Task objective
Write out all of the data again, precisely as it appears.
Segment Open
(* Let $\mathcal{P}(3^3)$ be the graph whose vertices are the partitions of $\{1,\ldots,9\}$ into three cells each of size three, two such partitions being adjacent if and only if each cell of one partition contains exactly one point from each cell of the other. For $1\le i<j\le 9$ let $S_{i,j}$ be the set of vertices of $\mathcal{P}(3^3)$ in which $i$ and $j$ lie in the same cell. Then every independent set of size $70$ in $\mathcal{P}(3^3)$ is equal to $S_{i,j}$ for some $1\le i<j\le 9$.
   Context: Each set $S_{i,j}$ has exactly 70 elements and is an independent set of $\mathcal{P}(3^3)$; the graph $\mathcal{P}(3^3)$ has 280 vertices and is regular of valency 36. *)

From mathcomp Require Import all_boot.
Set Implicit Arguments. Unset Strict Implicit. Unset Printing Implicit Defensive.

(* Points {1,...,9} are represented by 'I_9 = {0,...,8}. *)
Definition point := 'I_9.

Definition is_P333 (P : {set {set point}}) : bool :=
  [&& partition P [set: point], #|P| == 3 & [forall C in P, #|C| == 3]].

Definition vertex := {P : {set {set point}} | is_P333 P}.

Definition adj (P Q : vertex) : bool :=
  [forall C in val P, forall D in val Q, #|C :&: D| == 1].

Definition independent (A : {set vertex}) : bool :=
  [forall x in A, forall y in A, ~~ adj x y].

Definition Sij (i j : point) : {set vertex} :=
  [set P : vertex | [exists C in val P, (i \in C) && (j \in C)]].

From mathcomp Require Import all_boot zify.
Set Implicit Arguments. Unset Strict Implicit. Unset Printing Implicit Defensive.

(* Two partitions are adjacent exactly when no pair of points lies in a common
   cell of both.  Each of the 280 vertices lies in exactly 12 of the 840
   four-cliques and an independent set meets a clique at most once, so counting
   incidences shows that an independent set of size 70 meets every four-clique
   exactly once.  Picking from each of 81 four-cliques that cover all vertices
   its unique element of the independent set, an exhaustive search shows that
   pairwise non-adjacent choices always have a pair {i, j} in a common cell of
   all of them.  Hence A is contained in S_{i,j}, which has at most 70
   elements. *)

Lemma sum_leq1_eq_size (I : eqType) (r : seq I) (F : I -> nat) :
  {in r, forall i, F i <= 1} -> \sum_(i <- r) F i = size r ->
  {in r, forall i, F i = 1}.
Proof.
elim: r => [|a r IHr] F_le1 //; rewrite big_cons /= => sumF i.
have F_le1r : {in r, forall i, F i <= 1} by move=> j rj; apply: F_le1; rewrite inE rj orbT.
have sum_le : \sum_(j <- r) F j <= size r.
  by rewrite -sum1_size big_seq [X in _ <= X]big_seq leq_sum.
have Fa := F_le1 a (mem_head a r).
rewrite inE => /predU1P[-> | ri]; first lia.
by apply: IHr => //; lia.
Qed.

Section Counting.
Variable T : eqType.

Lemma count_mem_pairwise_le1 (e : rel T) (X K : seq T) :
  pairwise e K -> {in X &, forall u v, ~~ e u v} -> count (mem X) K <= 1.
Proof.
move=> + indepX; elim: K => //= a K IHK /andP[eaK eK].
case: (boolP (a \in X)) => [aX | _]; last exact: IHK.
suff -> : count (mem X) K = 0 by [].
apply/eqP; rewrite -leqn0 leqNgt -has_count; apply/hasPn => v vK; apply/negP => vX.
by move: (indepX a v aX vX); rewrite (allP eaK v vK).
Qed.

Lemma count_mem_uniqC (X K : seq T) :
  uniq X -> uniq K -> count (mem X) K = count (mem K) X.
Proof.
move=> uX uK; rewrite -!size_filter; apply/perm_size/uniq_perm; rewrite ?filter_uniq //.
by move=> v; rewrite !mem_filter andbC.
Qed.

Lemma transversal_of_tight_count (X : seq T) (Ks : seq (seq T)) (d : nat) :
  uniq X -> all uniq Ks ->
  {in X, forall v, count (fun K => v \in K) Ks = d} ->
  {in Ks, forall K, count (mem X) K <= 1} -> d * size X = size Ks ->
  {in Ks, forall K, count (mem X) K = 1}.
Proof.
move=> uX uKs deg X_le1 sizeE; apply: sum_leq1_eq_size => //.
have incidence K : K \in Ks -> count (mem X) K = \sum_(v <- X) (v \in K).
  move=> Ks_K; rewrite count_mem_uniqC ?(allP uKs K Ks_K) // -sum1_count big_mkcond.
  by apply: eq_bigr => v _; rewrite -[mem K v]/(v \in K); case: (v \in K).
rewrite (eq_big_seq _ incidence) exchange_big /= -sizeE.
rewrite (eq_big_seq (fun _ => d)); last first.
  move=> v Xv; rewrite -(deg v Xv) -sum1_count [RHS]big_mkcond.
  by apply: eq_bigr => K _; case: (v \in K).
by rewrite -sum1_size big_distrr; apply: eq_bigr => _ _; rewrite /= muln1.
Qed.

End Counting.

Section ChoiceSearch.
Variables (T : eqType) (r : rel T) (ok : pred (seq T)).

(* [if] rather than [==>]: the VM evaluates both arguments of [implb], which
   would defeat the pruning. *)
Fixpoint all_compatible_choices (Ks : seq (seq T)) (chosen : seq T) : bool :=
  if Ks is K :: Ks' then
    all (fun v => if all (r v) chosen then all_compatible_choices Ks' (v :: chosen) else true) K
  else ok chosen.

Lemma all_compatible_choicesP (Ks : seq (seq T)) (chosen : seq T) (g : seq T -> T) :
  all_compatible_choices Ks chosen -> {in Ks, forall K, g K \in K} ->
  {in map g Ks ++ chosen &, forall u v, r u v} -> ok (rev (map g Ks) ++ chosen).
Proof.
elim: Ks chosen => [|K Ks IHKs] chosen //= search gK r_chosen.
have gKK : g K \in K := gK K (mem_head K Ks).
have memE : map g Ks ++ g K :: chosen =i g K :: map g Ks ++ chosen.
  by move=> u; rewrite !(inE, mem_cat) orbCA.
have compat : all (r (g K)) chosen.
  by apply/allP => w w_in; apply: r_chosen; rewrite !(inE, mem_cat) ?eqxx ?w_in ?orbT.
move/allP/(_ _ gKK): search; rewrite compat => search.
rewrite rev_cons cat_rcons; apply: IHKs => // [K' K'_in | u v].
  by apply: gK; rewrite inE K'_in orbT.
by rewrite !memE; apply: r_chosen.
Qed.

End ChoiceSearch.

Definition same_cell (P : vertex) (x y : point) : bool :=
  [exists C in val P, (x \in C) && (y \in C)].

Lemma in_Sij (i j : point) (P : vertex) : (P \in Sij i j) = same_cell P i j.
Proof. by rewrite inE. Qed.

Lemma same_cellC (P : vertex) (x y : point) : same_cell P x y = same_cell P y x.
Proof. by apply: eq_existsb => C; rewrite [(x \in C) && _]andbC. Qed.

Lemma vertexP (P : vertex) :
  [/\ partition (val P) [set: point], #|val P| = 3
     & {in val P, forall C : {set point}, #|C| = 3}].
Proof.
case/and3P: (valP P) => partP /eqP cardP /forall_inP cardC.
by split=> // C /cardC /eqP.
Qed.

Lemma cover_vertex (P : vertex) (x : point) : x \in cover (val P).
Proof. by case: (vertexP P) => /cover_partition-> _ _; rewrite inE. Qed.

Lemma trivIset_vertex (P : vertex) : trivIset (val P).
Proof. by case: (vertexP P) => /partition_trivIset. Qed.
Segment Closed
Your solution
(* Let $\mathcal{P}(3^3)$ be the graph whose vertices are the partitions of $\{1,\ldots,9\}$ into three cells each of size three, two such partitions being adjacent if and only if each cell of one partition contains exactly one point from each cell of the other. For $1\le i<j\le 9$ let $S_{i,j}$ be the set of vertices of $\mathcal{P}(3^3)$ in which $i$ and $j$ lie in the same cell. Then every independent set of size $70$ in $\mathcal{P}(3^3)$ is equal to $S_{i,j}$ for some $1\le i<j\le 9$.
   Context: Each set $S_{i,j}$ has exactly 70 elements and is an independent set of $\mathcal{P}(3^3)$; the graph $\mathcal{P}(3^3)$ has 280 vertices and is regular of valency 36. *)

From mathcomp Require Import all_boot.
Set Implicit Arguments. Unset Strict Implicit. Unset Printing Implicit Defensive.

(* Points {1,...,9} are represented by 'I_9 = {0,...,8}. *)
Definition point := 'I_9.

Definition is_P333 (P : {set {set point}}) : bool :=
  [&& partition P [set: point], #|P| == 3 & [forall C in P, #|C| == 3]].

Definition vertex := {P : {set {set point}} | is_P333 P}.

Definition adj (P Q : vertex) : bool :=
  [forall C in val P, forall D in val Q, #|C :&: D| == 1].

Definition independent (A : {set vertex}) : bool :=
  [forall x in A, forall y in A, ~~ adj x y].

Definition Sij (i j : point) : {set vertex} :=
  [set P : vertex | [exists C in val P, (i \in C) && (j \in C)]].

From mathcomp Require Import all_boot zify.
Set Implicit Arguments. Unset Strict Implicit. Unset Printing Implicit Defensive.

(* Two partitions are adjacent exactly when no pair of points lies in a common
   cell of both.  Each of the 280 vertices lies in exactly 12 of the 840
   four-cliques and an independent set meets a clique at most once, so counting
   incidences shows that an independent set of size 70 meets every four-clique
   exactly once.  Picking from each of 81 four-cliques that cover all vertices
   its unique element of the independent set, an exhaustive search shows that
   pairwise non-adjacent choices always have a pair {i, j} in a common cell of
   all of them.  Hence A is contained in S_{i,j}, which has at most 70
   elements. *)

Lemma sum_leq1_eq_size (I : eqType) (r : seq I) (F : I -> nat) :
  {in r, forall i, F i <= 1} -> \sum_(i <- r) F i = size r ->
  {in r, forall i, F i = 1}.
Proof.
elim: r => [|a r IHr] F_le1 //; rewrite big_cons /= => sumF i.
have F_le1r : {in r, forall i, F i <= 1} by move=> j rj; apply: F_le1; rewrite inE rj orbT.
have sum_le : \sum_(j <- r) F j <= size r.
  by rewrite -sum1_size big_seq [X in _ <= X]big_seq leq_sum.
have Fa := F_le1 a (mem_head a r).
rewrite inE => /predU1P[-> | ri]; first lia.
by apply: IHr => //; lia.
Qed.

Section Counting.
Variable T : eqType.

Lemma count_mem_pairwise_le1 (e : rel T) (X K : seq T) :
  pairwise e K -> {in X &, forall u v, ~~ e u v} -> count (mem X) K <= 1.
Proof.
move=> + indepX; elim: K => //= a K IHK /andP[eaK eK].
case: (boolP (a \in X)) => [aX | _]; last exact: IHK.
suff -> : count (mem X) K = 0 by [].
apply/eqP; rewrite -leqn0 leqNgt -has_count; apply/hasPn => v vK; apply/negP => vX.
by move: (indepX a v aX vX); rewrite (allP eaK v vK).
Qed.

Lemma count_mem_uniqC (X K : seq T) :
  uniq X -> uniq K -> count (mem X) K = count (mem K) X.
Proof.
move=> uX uK; rewrite -!size_filter; apply/perm_size/uniq_perm; rewrite ?filter_uniq //.
by move=> v; rewrite !mem_filter andbC.
Qed.

Lemma transversal_of_tight_count (X : seq T) (Ks : seq (seq T)) (d : nat) :
  uniq X -> all uniq Ks ->
  {in X, forall v, count (fun K => v \in K) Ks = d} ->
  {in Ks, forall K, count (mem X) K <= 1} -> d * size X = size Ks ->
  {in Ks, forall K, count (mem X) K = 1}.
Proof.
move=> uX uKs deg X_le1 sizeE; apply: sum_leq1_eq_size => //.
have incidence K : K \in Ks -> count (mem X) K = \sum_(v <- X) (v \in K).
  move=> Ks_K; rewrite count_mem_uniqC ?(allP uKs K Ks_K) // -sum1_count big_mkcond.
  by apply: eq_bigr => v _; rewrite -[mem K v]/(v \in K); case: (v \in K).
rewrite (eq_big_seq _ incidence) exchange_big /= -sizeE.
rewrite (eq_big_seq (fun _ => d)); last first.
  move=> v Xv; rewrite -(deg v Xv) -sum1_count [RHS]big_mkcond.
  by apply: eq_bigr => K _; case: (v \in K).
by rewrite -sum1_size big_distrr; apply: eq_bigr => _ _; rewrite /= muln1.
Qed.

End Counting.

Section ChoiceSearch.
Variables (T : eqType) (r : rel T) (ok : pred (seq T)).

(* [if] rather than [==>]: the VM evaluates both arguments of [implb], which
   would defeat the pruning. *)
Fixpoint all_compatible_choices (Ks : seq (seq T)) (chosen : seq T) : bool :=
  if Ks is K :: Ks' then
    all (fun v => if all (r v) chosen then all_compatible_choices Ks' (v :: chosen) else true) K
  else ok chosen.

Lemma all_compatible_choicesP (Ks : seq (seq T)) (chosen : seq T) (g : seq T -> T) :
  all_compatible_choices Ks chosen -> {in Ks, forall K, g K \in K} ->
  {in map g Ks ++ chosen &, forall u v, r u v} -> ok (rev (map g Ks) ++ chosen).
Proof.
elim: Ks chosen => [|K Ks IHKs] chosen //= search gK r_chosen.
have gKK : g K \in K := gK K (mem_head K Ks).
have memE : map g Ks ++ g K :: chosen =i g K :: map g Ks ++ chosen.
  by move=> u; rewrite !(inE, mem_cat) orbCA.
have compat : all (r (g K)) chosen.
  by apply/allP => w w_in; apply: r_chosen; rewrite !(inE, mem_cat) ?eqxx ?w_in ?orbT.
move/allP/(_ _ gKK): search; rewrite compat => search.
rewrite rev_cons cat_rcons; apply: IHKs => // [K' K'_in | u v].
  by apply: gK; rewrite inE K'_in orbT.
by rewrite !memE; apply: r_chosen.
Qed.

End ChoiceSearch.

Definition same_cell (P : vertex) (x y : point) : bool :=
  [exists C in val P, (x \in C) && (y \in C)].

Lemma in_Sij (i j : point) (P : vertex) : (P \in Sij i j) = same_cell P i j.
Proof. by rewrite inE. Qed.

Lemma same_cellC (P : vertex) (x y : point) : same_cell P x y = same_cell P y x.
Proof. by apply: eq_existsb => C; rewrite [(x \in C) && _]andbC. Qed.

Lemma vertexP (P : vertex) :
  [/\ partition (val P) [set: point], #|val P| = 3
     & {in val P, forall C : {set point}, #|C| = 3}].
Proof.
case/and3P: (valP P) => partP /eqP cardP /forall_inP cardC.
by split=> // C /cardC /eqP.
Qed.

Lemma cover_vertex (P : vertex) (x : point) : x \in cover (val P).
Proof. by case: (vertexP P) => /cover_partition-> _ _; rewrite inE. Qed.

Lemma trivIset_vertex (P : vertex) : trivIset (val P).
Proof. by case: (vertexP P) => /partition_trivIset. Qed.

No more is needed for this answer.